Just two decades earlier, however, Buttigieg won the John F. Kennedy “Profiles in Courage” essay contest with a piece lauding Sanders — both for his willingness to take unpopular stands and his ability to work across the aisle.

Buttigieg began by praising the Vermont senator for his fearlessness with regard to claiming the name “socialist”:

Sanders’ courage is evident in the first word he uses to describe himself: ‘Socialist’. In a country where Communism is still the dirtiest of ideological dirty words, in a climate where even liberalism is considered radical, and Socialism is immediately and perhaps willfully confused with Communism, a politician dares to call himself a socialist? He does indeed. Here is someone who has ‘looked into his own soul/ and expressed an ideology, the endorsement of which, in today’s political atmosphere, is analogous to a self-inflicted gunshot wound.  Even though he has lived through a time in which an admitted socialist could not act in a film, let alone hold a Congressional seat, Sanders is not afraid to be candid about his political persuasion.
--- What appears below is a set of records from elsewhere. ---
(* Let $A\in\mathbb R^{n\times n}$ be symmetric with $A\not\succeq0$ and $b\in\mathbb R^n$. Then the trust region subproblem \[ ({\rm TRS})\quad \min_{x\in\mathbb R^n}\ x^TAx+2b^Tx\quad\text{s.t.}\quad \|x\|^2\le1 \] is equivalent to (in particular has the same optimal value as) the ball-constrained convex quadratic program \[ \min_{x\in\mathbb R^n}\ x^T(A-\lambda_{\min}(A)I_n)x+2b^Tx+\lambda_{\min}(A)\quad\text{s.t.}\quad \|x\|^2\le1. \]
   Context: $\lambda_{\min}(A)$ is the smallest eigenvalue of $A$; $I_n$ is the $n\times n$ identity; $\|\cdot\|$ is the Euclidean norm. *)

From HB Require Import structures.
From mathcomp Require Import all_boot all_order all_algebra.
From mathcomp Require Import reals.
Set Implicit Arguments. Unset Strict Implicit. Unset Printing Implicit Defensive.
Import Order.TTheory GRing.Theory Num.Theory.
Local Open Scope ring_scope.

Definition qform (R : realType) (n : nat) (M : 'M[R]_n) (x : 'cV[R]_n) : R :=
  (x^T *m M *m x) 0 0.

Definition lin (R : realType) (n : nat) (b x : 'cV[R]_n) : R := (b^T *m x) 0 0.

Definition sqnorm (R : realType) (n : nat) (x : 'cV[R]_n) : R := \sum_(i < n) x i 0 ^+ 2.

Definition sym_mx (R : realType) (n : nat) (A : 'M[R]_n) : Prop := A^T = A.

Definition psd (R : realType) (n : nat) (A : 'M[R]_n) : Prop :=
  forall x : 'cV[R]_n, 0 <= qform A x.

Definition is_lambda_min (R : realType) (n : nat) (A : 'M[R]_n) (lam : R) : Prop :=
  eigenvalue A lam /\ (forall mu : R, eigenvalue A mu -> lam <= mu).

Definition ball_min_value (R : realType) (n : nat) (f : 'cV[R]_n -> R) (t : R) : Prop :=
  (exists x : 'cV[R]_n, sqnorm x <= 1 /\ f x = t) /\
  (forall x : 'cV[R]_n, sqnorm x <= 1 -> t <= f x).

Definition trs_obj (R : realType) (n : nat) (A : 'M[R]_n) (b x : 'cV[R]_n) : R :=
  qform A x + 2 * lin b x.

Definition cqp_obj (R : realType) (n : nat) (A : 'M[R]_n) (lam : R) (b x : 'cV[R]_n) : R :=
  qform (A - lam%:M) x + 2 * lin b x + lam.

From HB Require Import structures.
From mathcomp Require Import all_boot all_order all_algebra.
From mathcomp Require Import reals boolp classical_sets topology normedtype derive.
From mathcomp Require Import ring lra.
Import Order.TTheory GRing.Theory Num.Theory numFieldNormedType.Exports.
Set Implicit Arguments. Unset Strict Implicit. Unset Printing Implicit Defensive.
Local Open Scope ring_scope.

(* Since [cqp_obj x = trs_obj x + lam (1 - |x|^2)] with [lam < 0], the convex
   objective lies below the TRS objective on the unit ball and agrees with it on
   the unit sphere.  Along a unit eigenvector [e] for [lam] the quadratic part of
   [cqp_obj] is constant, so a minimiser of the convex problem can be moved to the
   sphere, in the direction where [b^T e] does not increase [cqp_obj]; the point
   reached is a common minimiser of both problems.  That [lam < 0] comes from the
   Rayleigh principle: the minimum [m] of [x^T A x] on the unit sphere is attained
   at an eigenvector, because [A - m I] is positive semidefinite and its quadratic
   form vanishes there; hence [lam <= m] and [A - lam I] is positive
   semidefinite. *)

Section QuadraticForms.
Variables (R : realType) (n : nat).
Implicit Types (M : 'M[R]_n) (x y : 'cV[R]_n).

Definition bilform M x y : R := (x^T *m M *m y) 0 0.

Lemma bilformC M x y : sym_mx M -> bilform M y x = bilform M x y.
Proof.
move=> symM; rewrite /bilform -[in LHS](trmxK (y^T *m M *m x)) [in LHS]mxE.
by rewrite !trmx_mul trmxK symM mulmxA.
Qed.

Lemma bilformDl M x y z : bilform M (x + y) z = bilform M x z + bilform M y z.
Proof. by rewrite /bilform linearD /= !mulmxDl mxE. Qed.

Lemma bilformDr M x y z : bilform M x (y + z) = bilform M x y + bilform M x z.
Proof. by rewrite /bilform mulmxDr mxE. Qed.

Lemma bilformZl M c x y : bilform M (c *: x) y = c * bilform M x y.
Proof. by rewrite /bilform linearZ /= -!scalemxAl mxE. Qed.

Lemma bilformZr M c x y : bilform M x (c *: y) = c * bilform M x y.
Proof. by rewrite /bilform -scalemxAr mxE. Qed.

Lemma qformDZ M x y t : sym_mx M ->
  qform M (x + t *: y) = qform M x + 2 * t * bilform M x y + t ^+ 2 * qform M y.
Proof.
move=> symM; rewrite -[qform M _]/(bilform M _ _) bilformDl !bilformDr.
rewrite !bilformZl !bilformZr (bilformC x y symM) /bilform -/(qform M x) -/(qform M y).
ring.
Qed.

Lemma qformZ M c x : qform M (c *: x) = c ^+ 2 * qform M x.
Proof. by rewrite -[qform M _]/(bilform M _ _) bilformZl bilformZr mulrA expr2. Qed.

Lemma qform0 M : qform M 0 = 0.
Proof. by rewrite /qform mulmx0 mxE. Qed.

Lemma sqnorm_qform x : sqnorm x = qform 1%:M x.
Proof.
by rewrite /sqnorm /qform mulmx1 mxE; apply: eq_bigr => i _; rewrite mxE expr2.
Qed.

Lemma sqnormZ c x : sqnorm (c *: x) = c ^+ 2 * sqnorm x.
Proof. by rewrite !sqnorm_qform qformZ. Qed.

Lemma qformBscalar M c x : qform (M - c%:M) x = qform M x - c * sqnorm x.
Proof.
rewrite sqnorm_qform /qform mulmxBr mulmxBl mul_mx_scalar -scalemxAl mulmx1.
by rewrite !mxE.
Qed.

Lemma linDZ b x y t : lin b (x + t *: y) = lin b x + t * lin b y.
Proof. by rewrite /lin mulmxDr -scalemxAr !mxE. Qed.

Lemma sym_mxBscalar M c : sym_mx M -> sym_mx (M - c%:M).
Proof. by move=> symM; rewrite /sym_mx linearB /= tr_scalar_mx symM. Qed.

Lemma sqr_coord_le_sqnorm x i : x i 0 ^+ 2 <= sqnorm x.
Proof.
rewrite /sqnorm (bigD1 i) //= lerDl.
by apply: sumr_ge0 => j _; rewrite sqr_ge0.
Qed.

Lemma sqnorm_ge0 x : 0 <= sqnorm x.
Proof. by apply: sumr_ge0 => i _; rewrite sqr_ge0. Qed.

Lemma sqnorm_eq0 x : (sqnorm x == 0) = (x == 0).
Proof.
apply/idP/eqP => [x0|->]; last by rewrite /sqnorm big1 // => i _; rewrite mxE expr0n.
apply/matrixP => i j; rewrite ord1 mxE; apply/eqP; rewrite -sqrf_eq0 eq_le sqr_ge0.
by rewrite -(eqP x0) sqr_coord_le_sqnorm.
Qed.

Lemma sqnorm0 : sqnorm (0 : 'cV[R]_n) = 0.
Proof. by apply/eqP; rewrite sqnorm_eq0. Qed.

Definition normalize x := (Num.sqrt (sqnorm x))^-1 *: x.

Lemma sqnorm_normalize x : x != 0 -> sqnorm (normalize x) = 1.
Proof.
rewrite -sqnorm_eq0 => x0; have x_gt0 : 0 < sqnorm x by rewrite lt_def x0 sqnorm_ge0.
by rewrite sqnormZ exprVn sqr_sqrtr ?mulVf // ltW.
Qed.

Lemma sqnorm_line_sphere x e c : sqnorm x <= 1 -> sqnorm e = 1 ->
  exists t, sqnorm (x + t *: e) = 1 /\ t * c <= 0.
Proof.
move=> x_ball e_unit; set d := bilform 1%:M x e.
have sqnormDZ t : sqnorm (x + t *: e) = (t + d) ^+ 2 + sqnorm x - d ^+ 2.
  rewrite !sqnorm_qform qformDZ; last exact: tr_scalar_mx.
  by rewrite -!sqnorm_qform e_unit /d; ring.
have disc_ge0 : 0 <= d ^+ 2 + 1 - sqnorm x by rewrite -addrA addr_ge0 ?sqr_ge0 ?subr_ge0.
set r := Num.sqrt (d ^+ 2 + 1 - sqnorm x).
have r2 : r ^+ 2 = d ^+ 2 + 1 - sqnorm x by rewrite sqr_sqrtr.
have /andP[r_le_d d_le_r] : - r <= d <= r.
  rewrite -ler_norml -(ler_pXn2r (isT : (0 < 2)%N)) ?nnegrE ?sqrtr_ge0 //.
  by rewrite real_normK ?num_real // r2 -addrA lerDl subr_ge0.
(* the roots [- d + r] and [- d - r] of [t |-> sqnorm (x + t e) - 1] have
   opposite signs *)
have [c_le0|c_gt0] := lerP c 0.
- exists (r - d); split; first by rewrite sqnormDZ subrK r2; ring.
  by rewrite mulr_ge0_le0 // subr_ge0.
- exists (- r - d); split; first by rewrite sqnormDZ subrK sqrrN r2; ring.
  by rewrite mulr_le0_ge0 ?(ltW c_gt0) // subr_le0.
Qed.

Lemma quadratic_ge0_lin_eq0 (a c : R) :
  (forall t, 0 <= 2 * t * a + t ^+ 2 * c) -> a = 0.
Proof.
move=> ge0; set u := (`|c| + 1)^-1.
have u_gt0 : 0 < u by rewrite invr_gt0 ltr_wpDl.
have uc_lt1 : u * c < 1.
  have : u * (`|c| + 1) = 1 by rewrite mulVf // gt_eqF // ltr_wpDl.
  have := ler_wpM2l (ltW u_gt0) (ler_norm c); nra.
(* the value at [t = - a * u] is [a^2 u (u c - 2)], of the opposite sign *)
have at_t : 0 <= (a ^+ 2 * u) * (u * c - 2).
  by have := ge0 (- a * u); rewrite expr2; nra.
have a2u_ge0 : 0 <= a ^+ 2 * u by rewrite mulr_ge0 ?sqr_ge0 ?ltW.
have /eqP : a ^+ 2 * u = 0 by nra.
by rewrite mulf_eq0 (gt_eqF u_gt0) orbF sqrf_eq0 => /eqP.
Qed.

Lemma psd_qform_eq0 M x : sym_mx M -> psd M -> qform M x = 0 -> M *m x = 0.
Proof.
move=> symM psdM qx0; set w := M *m x.
have bil_w : bilform M x w = sqnorm w.
  by rewrite sqnorm_qform /qform mulmx1 /bilform -{1}symM -trmx_mul.
apply/eqP; rewrite -sqnorm_eq0; apply/eqP.
apply: (@quadratic_ge0_lin_eq0 _ (qform M w)) => t.
by have := psdM (x + t *: w); rewrite qformDZ // qx0 bil_w add0r.
Qed.

Lemma sym_eigenvalueP M m : sym_mx M ->
  reflect (exists2 x : 'cV_n, M *m x = m *: x & x != 0) (eigenvalue M m).
Proof.
move=> symM; apply: (iffP eigenvalueP) => -[v vM v0]; exists v^T;
  by [rewrite -{1}symM -trmx_mul vM linearZ | rewrite trmx_eq0].
Qed.

Lemma qform_ge_sphere M m z :
  (forall y, sqnorm y = 1 -> m <= qform M y) -> m * sqnorm z <= qform M z.
Proof.
move=> ge_m; have [->|z0] := eqVneq z 0; first by rewrite qform0 sqnorm0 mulr0.
have := ge_m _ (sqnorm_normalize z0); rewrite qformZ exprVn sqr_sqrtr ?sqnorm_ge0 //.
have z_gt0 : 0 < sqnorm z by rewrite lt_def sqnorm_eq0 z0 sqnorm_ge0.
by rewrite ler_pdivlMl // mulrC.
Qed.

End QuadraticForms.

(* Compactness (Heine-Borel, [rV_compact]) is available for row vectors, so
   subsets of the ball are handled through the transpose. *)
Section UnitBallMinimum.
Local Open Scope classical_set_scope.
Variables (R : realType) (n : nat).

Lemma continuous_sum (T : topologicalType) (I : finType) (F : I -> T -> R) :
  (forall i, continuous (F i)) -> continuous (fun x => \sum_i F i x).
Proof.
by move=> cF; apply: (@continuous_big R^o _ +%R 0 xpredT add_continuous) => i _.
Qed.

Lemma qform_trmx_continuous (M : 'M[R]_n) :
  continuous (fun v : 'rV[R]_n => qform M v^T).
Proof.
have qE v : qform M v^T = \sum_j (\sum_i v 0 i * M i j) * v 0 j.
  rewrite /qform mxE; apply: eq_bigr => j _; rewrite !mxE; congr (_ * _).
  by apply: eq_bigr => i _; rewrite !mxE.
rewrite (funext qE); apply: continuous_sum => j v.
apply: continuousM; last exact: coord_continuous.
apply: continuous_sum => i {}v.
by apply: continuousM; [exact: coord_continuous | exact: cst_continuous].
Qed.

Lemma lin_trmx_continuous (b : 'cV[R]_n) :
  continuous (fun v : 'rV[R]_n => lin b v^T).
Proof.
have linE v : lin b v^T = \sum_i b i 0 * v 0 i.
  by rewrite /lin mxE; apply: eq_bigr => i _; rewrite !mxE.
rewrite (funext linE); apply: continuous_sum => i v.
by apply: continuousM; [exact: cst_continuous | exact: coord_continuous].
Qed.

Lemma trs_obj_trmx_continuous (M : 'M[R]_n) (b : 'cV[R]_n) :
  continuous (fun v : 'rV[R]_n => trs_obj M b v^T).
Proof.
move=> v; apply: (@continuousD _ R^o _ (fun v => qform M v^T) (fun v => 2 * lin b v^T)).
  exact: qform_trmx_continuous.
by apply: continuousM; [exact: cst_continuous | exact: lin_trmx_continuous].
Qed.

Lemma sqnorm_constrained_min (K : set R) (f : 'cV[R]_n -> R) :
  closed K -> K `<=` [set r | r <= 1] -> (exists x : 'cV[R]_n, K (sqnorm x)) ->
  continuous (fun v : 'rV[R]_n => f v^T) ->
  exists2 x, K (sqnorm x) & forall y, K (sqnorm y) -> f x <= f y.
Proof.
move=> clK K_le1 [x0 Kx0] cf.
pose S := [set v : 'rV[R]_n | K (sqnorm v^T)].
have clS : closed S.
  apply: preimage_closed clK => ? _.
  rewrite (funext (fun v : 'rV[R]_n => sqnorm_qform v^T)).
  exact: qform_trmx_continuous.
have S_box : S `<=` [set v | forall i, `[-1, 1]%classic (v ord0 i)].
  move=> v /K_le1/= Sv i; have := sqr_coord_le_sqnorm v^T i.
  rewrite mxE (_ : 0 = ord0 :> 'I_1) //= in_itv /= => ?; apply/andP; split; nra.
have compS : compact S.
  apply: subclosed_compact clS _ S_box.
  exact: (@rV_compact R n (fun=> `[-1, 1]%classic) (fun=> @segment_compact R (-1) 1)).
have S0 : S !=set0 by exists x0^T; rewrite /S /= trmxK.
have [v Sv vmin] := EVT_min_rV S0 compS (continuous_subspaceT cf).
exists v^T; first by move: Sv; rewrite inE.
by move=> y Ky; have := vmin y^T; rewrite trmxK; apply; rewrite inE /S /= trmxK.
Qed.

End UnitBallMinimum.

Section TrustRegion.
Variables (R : realType) (n : nat) (A : 'M[R]_n) (b : 'cV[R]_n) (lam : R).
Hypothesis symA : sym_mx A.

Lemma psd_sub_lambda_min : is_lambda_min A lam -> psd (A - lam%:M).
Proof.
move=> [/(sym_eigenvalueP _ symA) [v _ v0] lam_min].
have [x0 x0_unit x0_min] : exists2 x0 : 'cV_n,
    sqnorm x0 = 1 & forall y, sqnorm y = 1 -> qform A x0 <= qform A y.
  apply: (@sqnorm_constrained_min _ _ [set r | r = 1]).
  - exact: closed_eq.
  - by move=> r /= ->.
  - by exists (normalize v); exact: sqnorm_normalize.
  - exact: qform_trmx_continuous.
set m := qform A x0.
have psd_m : psd (A - m%:M).
  by move=> z; rewrite qformBscalar subr_ge0 qform_ge_sphere.
have Ax0 : A *m x0 = m *: x0.
  apply/eqP; rewrite -subr_eq0 -mul_scalar_mx -mulmxBl; apply/eqP.
  apply: psd_qform_eq0 (sym_mxBscalar _ symA) psd_m _.
  by rewrite qformBscalar x0_unit mulr1 subrr.
have x0_neq0 : x0 != 0 by rewrite -sqnorm_eq0 x0_unit oner_neq0.
have lam_le_m : lam <= m by apply/lam_min/(sym_eigenvalueP _ symA); exists x0.
move=> z; rewrite qformBscalar subr_ge0 (le_trans _ (qform_ge_sphere z x0_min)) //.
by rewrite ler_wpM2r ?sqnorm_ge0.
Qed.

Lemma lambda_min_lt0 : ~ psd A -> is_lambda_min A lam -> lam < 0.
Proof.
move=> npsd lamA; rewrite ltNge; apply/negP => lam_ge0; apply: npsd => z.
have := psd_sub_lambda_min lamA z; rewrite qformBscalar subr_ge0; apply: le_trans.
by rewrite mulr_ge0 ?sqnorm_ge0.
Qed.

Lemma cqp_objE x : cqp_obj A lam b x = trs_obj A b x + lam * (1 - sqnorm x).
Proof. by rewrite /cqp_obj /trs_obj qformBscalar; ring. Qed.

Lemma cqp_objDZ_ker x e t : (A - lam%:M) *m e = 0 ->
  cqp_obj A lam b (x + t *: e) = cqp_obj A lam b x + 2 * t * lin b e.
Proof.
move=> Be; have bil_e y : bilform (A - lam%:M) y e = 0.
  by rewrite /bilform -mulmxA Be mulmx0 mxE.
rewrite /cqp_obj qformDZ ?linDZ ?bil_e; last exact: sym_mxBscalar.
by rewrite -[qform _ e]/(bilform _ e e) bil_e; ring.
Qed.

Lemma cqp_obj_trmx_continuous : continuous (fun v : 'rV[R]_n => cqp_obj A lam b v^T).
Proof.
move=> v; apply: (@continuousD _ R^o _ (fun v => trs_obj (A - lam%:M) b v^T) (fun=> lam)).
  exact: trs_obj_trmx_continuous.
exact: cst_continuous.
Qed.

End TrustRegion.

Theorem corollary1 (R : realType) (n : nat) (A : 'M[R]_n) (b : 'cV[R]_n) (lam : R) :
  sym_mx A -> ~ psd A -> is_lambda_min A lam ->
  exists t : R,
    ball_min_value (fun x => trs_obj A b x) t /\
    ball_min_value (fun x => cqp_obj A lam b x) t.
Proof.
move=> symA npsd lamA; have lam_lt0 := lambda_min_lt0 symA npsd lamA.
have [v Av v0] := sym_eigenvalueP _ symA lamA.1.
set e := normalize v; have e_unit : sqnorm e = 1 := sqnorm_normalize v0.
have Be : (A - lam%:M) *m e = 0.
  by rewrite -scalemxAr mulmxBl Av mul_scalar_mx subrr scaler0.
have [xs xs_ball xs_min] : exists2 xs, sqnorm xs <= 1 &
    forall y, sqnorm y <= 1 -> cqp_obj A lam b xs <= cqp_obj A lam b y.
  apply: (@sqnorm_constrained_min _ _ [set r | r <= 1]).
  - exact: closed_le.
  - by [].
  - by exists e; rewrite /= e_unit.
  - exact: cqp_obj_trmx_continuous.
have [t [x1_unit tL_le0]] := sqnorm_line_sphere (lin b e) xs_ball e_unit.
set x1 := xs + t *: e.
have x1_min y : sqnorm y <= 1 -> cqp_obj A lam b x1 <= cqp_obj A lam b y.
  move=> /xs_min; apply: le_trans.
  by rewrite cqp_objDZ_ker // gerDl -mulrA mulr_ge0_le0.
have cqp_x1 : cqp_obj A lam b x1 = trs_obj A b x1.
  by rewrite cqp_objE x1_unit subrr mulr0 addr0.
exists (trs_obj A b x1); split; split.
- by exists x1; rewrite x1_unit.
- move=> y y_ball; rewrite -cqp_x1 (le_trans (x1_min y y_ball)) // cqp_objE gerDl.
  by rewrite mulr_le0_ge0 ?subr_ge0 ?(ltW lam_lt0).
- by exists x1; rewrite x1_unit cqp_x1.
- by move=> y /x1_min; rewrite cqp_x1.
Qed.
Buttigieg went on to note Sanders’ early acceptance of same sex marriage, his willingness to challenge the NRA and his independently organized drug-purchasing trips to Canada that were intended to draw attention to the rising cost of prescription drugs — all issues that Sanders still prides himself on 20 years later.

Buttigieg then argued that simply taking a principled stand, while courageous, was not the full picture of Sanders. It was his ability to bring both side together, Buttigieg explained, that truly made him a “profile in courage.”

It is the second half of Sanders’ political role that puts the first half into perspective: he is a powerful force for conciliation and bi-partisanship on Capitol Hill. In Profiles in Courage, John F. Kennedy wrote that ‘we should not be too hasty in condemning all compromise as bad morals. For politics and legislation are not matters for inflexible principles or unattainable ideals.’ It may seem strange that someone so steadfast in his principles has a reputation as a peacemaker between divided forces in Washington, but this is what makes Sanders truly remarkable. He represents President Kennedy’s ideal of ‘compromises of issues, not of principles.’

The two frontrunners — Buttigieg leads the delegate count after last week’s disastrous Iowa caucuses, but Sanders holds the lead in raw vote counts — have clashed on several occasions, particularly with regard to health care. Sanders favors Medicare for All, while Buttigieg stresses the need to leave the people a choice and favors a plan he’s dubbed “Medicare for All Who Want It.”